Matt’s starting point in our conversations was his feeling of being inadequate when it came to this most important work. So, he began pondering and praying.

Last night I asked him, “What’s next?” He told me that he had sent a series of questions to relatives on both sides of his family. Matt is collecting stories of faith; like how they found hope within difficult times in their lives. Matt is collecting the, “Family Stories,” in a notebook so he can turn to them when his children, and he himself, are struggling with life situations or asking difficult questions.

I hope he will share some of these stories with me. It often is a good story that gets me through the day.

OK, Matt just sent me a couple of stories. Let me share a portion of one with you that has already blessed me and could help all of us to courageously and lovingly face the next losses of our lives, and help us to teach our children. This one, from Matt’s mother-in-law is used by permission.

Now, I’d like to share about my dad’s awesome last days with us. He became more prayerful those weeks, after he was diagnosed with cancer…. He was not one say “I love you” to us, but in his last weeks everyone in his life got to hear his weak voice say “I love you”. In fact, his last 2 days with us he kept whispering “I love you” almost every moment he was awake. That was a great last gift from God.

In my growing up years, I sometimes wondered if mom and dad loved each other. They rarely showed affection in front of us kids. But in those last weeks, their marriage became quite beautiful. Before he died, we noticed him become so over-filled with joy. A couple times his eyes opened wide as if he was seeing something amazing and he simply exclaimed “ohhhh”. He seemed overcome with emotion as he said “ohhhh” again. Then with a voice filled with awe he said, “The dance, so beautiful!”

We asked him what he saw, but he weakly said we, “wouldn’t understand”.

Around 3 AM, I looked for some soft music on the radio but had no luck. Soon he became unusually alert and I asked if he would like me to wake mom and he said, “I’d like that”. I woke my dear white-haired mom. There she was in her worn nightgown, well-worn hair net, and sleepy eyes as she sat next to dad’s head. Dad turned to her and said, “you are beautiful, soooooooo beautiful!” Mom just melted…. We put on an old Ann Murray cassette tape of love songs as they just sat and stared into the other’s eyes.

My dad’s name is Gene and the song “Cheer Up Sleepy Jean” played. He laughed.

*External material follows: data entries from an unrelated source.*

(* Let $\alpha\in\mathbb{R}$, let $\mathbb{Q}[x]^+_{x=\alpha}=\{p\in\mathbb{Q}[x]: p(\alpha)>0\}$, and suppose $\mathbb{Q}[x]^+_{x=\alpha}=H_1\sqcup H_2$ with $H_1,H_2$ disjoint subsets, each closed under addition and multiplication. If, for some $j\in\{1,2\}$, every polynomial of degree $1$ in $\mathbb{Q}[x]^+_{x=\alpha}$ belongs to $H_j$, then $H_j=\mathbb{Q}[x]^+_{x=\alpha}$. *)

From HB Require Import structures.
From mathcomp Require Import all_boot all_order all_algebra.
From mathcomp Require Import reals.
Set Implicit Arguments. Unset Strict Implicit. Unset Printing Implicit Defensive.
Import Order.TTheory GRing.Theory Num.Theory.
Local Open Scope ring_scope.

Definition posAt (R : realType) (alpha : R) (p : {poly rat}) : Prop :=
  0 < (map_poly (ratr : rat -> R) p).[alpha].

Definition add_mul_closed (H : {poly rat} -> Prop) : Prop :=
  (forall p q, H p -> H q -> H (p + q)) /\ (forall p q, H p -> H q -> H (p * q)).

From HB Require Import structures.
From mathcomp Require Import all_boot all_order all_algebra.
From mathcomp Require Import reals.
From mathcomp Require Import ring lra.
Import Order.TTheory GRing.Theory Num.Theory.
Local Open Scope ring_scope.

(* Only the closure of H_j under + and * matters.  A positive constant c is
   the sum (X - t) + (c + t - X) of two linear polynomials positive at alpha,
   for rational t in (alpha - c, alpha).  In higher degree write
   p = p(a) + (X - a) s with rational a < alpha, and pick a rational K strictly
   between -s(alpha) and p(a) / (alpha - a); then
     p = (p(a) - K (X - a)) + (X - a) (s + K),
   where p(a) - K (X - a), X - a and s + K are all positive at alpha and s + K
   is smaller than p, so induction on the size of p concludes. *)

Lemma ratr_between {R : archiRealFieldType} (x y : R) :
  x < y -> exists q : rat, x < ratr q < y.
Proof. by move=> /rat_in_itvoo [q]; rewrite in_itv /=; exists q. Qed.

Lemma size_divXsubC_addC {F : fieldType} (p : {poly F}) (a k : F) :
  (1 < size p)%N -> (size (p %/ ('X - a%:P) + k%:P)%R < size p)%N.
Proof.
move=> p_gt1; rewrite (leq_ltn_trans (size_polyD _ _)) // gtn_max.
rewrite size_divp ?polyXsubC_eq0 // size_XsubC (leq_ltn_trans (size_polyC_leq1 _)) //.
by rewrite ltn_subrL (ltnW p_gt1).
Qed.

Section PositiveCone.
Variables (R : realType) (alpha : R).

Definition hornerQ (p : {poly rat}) : R := (map_poly ratr p).[alpha].

Lemma hornerQD p q : hornerQ (p + q) = hornerQ p + hornerQ q.
Proof. by rewrite /hornerQ rmorphD hornerD. Qed.

Lemma hornerQM p q : hornerQ (p * q) = hornerQ p * hornerQ q.
Proof. by rewrite /hornerQ rmorphM hornerM. Qed.

Lemma hornerQN p : hornerQ (- p) = - hornerQ p.
Proof. by rewrite /hornerQ rmorphN hornerN. Qed.

Lemma hornerQZ k p : hornerQ (k *: p) = ratr k * hornerQ p.
Proof. by rewrite /hornerQ map_polyZ hornerZ. Qed.

Lemma hornerQC c : hornerQ c%:P = ratr c.
Proof. by rewrite /hornerQ map_polyC hornerC. Qed.

Lemma hornerQX : hornerQ 'X = alpha.
Proof. by rewrite /hornerQ map_polyX hornerX. Qed.

Definition hornerQE := (hornerQD, hornerQM, hornerQN, hornerQZ, hornerQC, hornerQX).

Lemma posAtE p : posAt alpha p = (0 < hornerQ p).
Proof. by []. Qed.

Variable H : {poly rat} -> Prop.
Hypothesis H_closed : add_mul_closed H.
Hypothesis H_linear : forall p : {poly rat}, size p = 2%N -> posAt alpha p -> H p.

Lemma H_XsubC a : ratr a < alpha -> H ('X - a%:P).
Proof.
move=> a_lt; apply: H_linear; first exact: size_XsubC.
by rewrite posAtE !hornerQE; lra.
Qed.

Lemma H_polyC c : 0 < ratr c :> R -> H c%:P.
Proof.
move=> c_gt0; have [t /andP [t_gt t_lt]] := ratr_between (alpha - ratr c) alpha ltac:(lra).
have -> : c%:P = ('X - t%:P) + - ('X - (c + t)%:P) by rewrite polyCD; ring.
apply: (proj1 H_closed); first exact: H_XsubC.
apply: H_linear; first by rewrite size_polyN size_XsubC.
by rewrite posAtE !hornerQE rmorphD; lra.
Qed.

Lemma H_size_le2 (p : {poly rat}) : (size p <= 2)%N -> posAt alpha p -> H p.
Proof.
rewrite leq_eqVlt ltnS => /orP [/eqP /H_linear // | /size1_polyC ->].
by rewrite posAtE hornerQC => /H_polyC.
Qed.

Lemma H_posAt (p : {poly rat}) : posAt alpha p -> H p.
Proof.
elim: {p}(size p).+1 {-2}p (ltnSn (size p)) => // n IH p p_lt pos.
have [p_le2 | p_gt2] := leqP (size p) 2; first exact: H_size_le2.
have [a /andP [_ a_lt]] := ratr_between (alpha - 1) alpha ltac:(lra).
set s := p %/ ('X - a%:P); set c := p.[a].
have p_eq : p = s * ('X - a%:P) + c%:P by rewrite /s /c -modp_XsubC -divp_eq.
have da_gt0 : 0 < alpha - ratr a by lra.
have sK_bound : - hornerQ s < ratr c / (alpha - ratr a).
  by rewrite ltr_pdivlMr //; move: pos; rewrite posAtE {1}p_eq !hornerQE; nra.
have [K /andP [K_gt K_lt]] := ratr_between _ _ sK_bound.
rewrite ltr_pdivlMr // in K_lt.
have -> : p = (c%:P - K *: ('X - a%:P)) + ('X - a%:P) * (s + K%:P).
  by rewrite -mul_polyC {1}p_eq; ring.
apply: (proj1 H_closed).
  apply: H_size_le2; last by rewrite posAtE !hornerQE; lra.
  rewrite (leq_trans (size_polyD _ _)) // geq_max size_polyN.
  by rewrite (leq_trans (size_polyC_leq1 _)) // (leq_trans (size_scale_leq _ _)) ?size_XsubC.
apply: (proj2 H_closed); first exact: H_XsubC.
apply: IH; last by rewrite posAtE !hornerQE; lra.
by rewrite (leq_trans (size_divXsubC_addC p a K (ltnW p_gt2))).
Qed.

End PositiveCone.

Theorem lemma4p3 (R : realType) (alpha : R) (H1 H2 : {poly rat} -> Prop) :
  (forall p, posAt alpha p <-> (H1 p \/ H2 p)) ->
  (forall p, ~ (H1 p /\ H2 p)) ->
  add_mul_closed H1 -> add_mul_closed H2 ->
  forall j : bool, let Hj := if j then H1 else H2 in
  (forall p : {poly rat}, size p = 2%N -> posAt alpha p -> Hj p) ->
  forall p, Hj p <-> posAt alpha p.
Proof.
move=> union _ closed1 closed2 j Hj Hj_linear p; split.
  by rewrite /Hj; case: j {Hj Hj_linear} => Hp; apply/union; [left | right].
have Hj_closed : add_mul_closed Hj by rewrite /Hj; case: j {Hj Hj_linear}.
exact: H_posAt Hj_closed Hj_linear p.
Qed.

Later, as I watched from the foot of the bed, the last song played, ‘Could I Have this Dance for the Rest of My Life.’ How blessed to witness mom cradle dad’s head in her hands with her cheek against his, as they danced their last dance together! Dad then fell asleep most content and never woke again.

Dad’s last words on earth were to his wife, “You are beautiful, so beautiful!”. I wonder if during those last days dad was given the grace to see mom with the overflowing love that God saw her. And to love each of his children and grandchildren the way God loves each of us.

When we see the world from God’s point of view, It is all about love. Just Love.

How about for you? What’s next for you as you seek to love your children towards faith, hope and love? Maybe they need to learn from you how to pass through valleys of shadows knowing all about Just Love.